__WHAT THE TASK ASKS__. The expected output is the complete listing, unchanged.

__DATA PROVIDED__.
- - -

(* All fibres of [restr e] have the same size. *)
Lemma avg_restr (Phi : X -> R) : avg (fun x : VJ V N => Phi (restr e x)) = avg Phi.
Proof.
have x0 : VJ V N := @finfun J (fun j => V N j) (fun j => enum_val (Ordinal (Vne j))).
set c := #|[set x | restr e x == restr e x0]|.
have fiber_c (y : X) : #|[set x | restr e x == y]| = c.
  by apply/eqP; rewrite eqn_leq /c !card_restr_fiber_le.
have partition (F : X -> R) : \sum_(x : VJ V N) F (restr e x) = \sum_(y : X) c%:R * F y.
  rewrite (partition_big (restr e) predT) //=; apply: eq_bigr => y _.
  rewrite (eq_bigr (fun _ => F y)) => [|x /eqP -> //].
  by rewrite sumr_const -(fiber_c y) cardsE mulr_natl.
have cardVJ : #|VJ V N| = (#|X| * c)%N.
  rewrite -sum1_card (partition_big (restr e) predT) //=.
  have -> : (#|X| * c)%N = \sum_(y : X) c by rewrite sum_nat_const.
  by apply: eq_bigr => y _; rewrite sum1_card -(fiber_c y) cardsE.
have c_gt0 : (0 < c)%N.
  by move: (max_card (pred1 x0)); rewrite card1 cardVJ muln_gt0 => /andP[].
rewrite /avg cardVJ natrM invfM -mulrA partition; congr (_ * _).
by rewrite -mulr_sumr mulrA mulVf ?mul1r // pnatr_eq0 -lt0n.
Qed.

End Restriction.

- - -

__YOUR SOLUTION__.
(* All fibres of [restr e] have the same size. *)
Lemma avg_restr (Phi : X -> R) : avg (fun x : VJ V N => Phi (restr e x)) = avg Phi.
Proof.
have x0 : VJ V N := @finfun J (fun j => V N j) (fun j => enum_val (Ordinal (Vne j))).
set c := #|[set x | restr e x == restr e x0]|.
have fiber_c (y : X) : #|[set x | restr e x == y]| = c.
  by apply/eqP; rewrite eqn_leq /c !card_restr_fiber_le.
have partition (F : X -> R) : \sum_(x : VJ V N) F (restr e x) = \sum_(y : X) c%:R * F y.
  rewrite (partition_big (restr e) predT) //=; apply: eq_bigr => y _.
  rewrite (eq_bigr (fun _ => F y)) => [|x /eqP -> //].
  by rewrite sumr_const -(fiber_c y) cardsE mulr_natl.
have cardVJ : #|VJ V N| = (#|X| * c)%N.
  rewrite -sum1_card (partition_big (restr e) predT) //=.
  have -> : (#|X| * c)%N = \sum_(y : X) c by rewrite sum_nat_const.
  by apply: eq_bigr => y _; rewrite sum1_card -(fiber_c y) cardsE.
have c_gt0 : (0 < c)%N.
  by move: (max_card (pred1 x0)); rewrite card1 cardVJ muln_gt0 => /andP[].
rewrite /avg cardVJ natrM invfM -mulrA partition; congr (_ * _).
by rewrite -mulr_sumr mulrA mulVf ?mul1r // pnatr_eq0 -lt0n.
Qed.

End Restriction.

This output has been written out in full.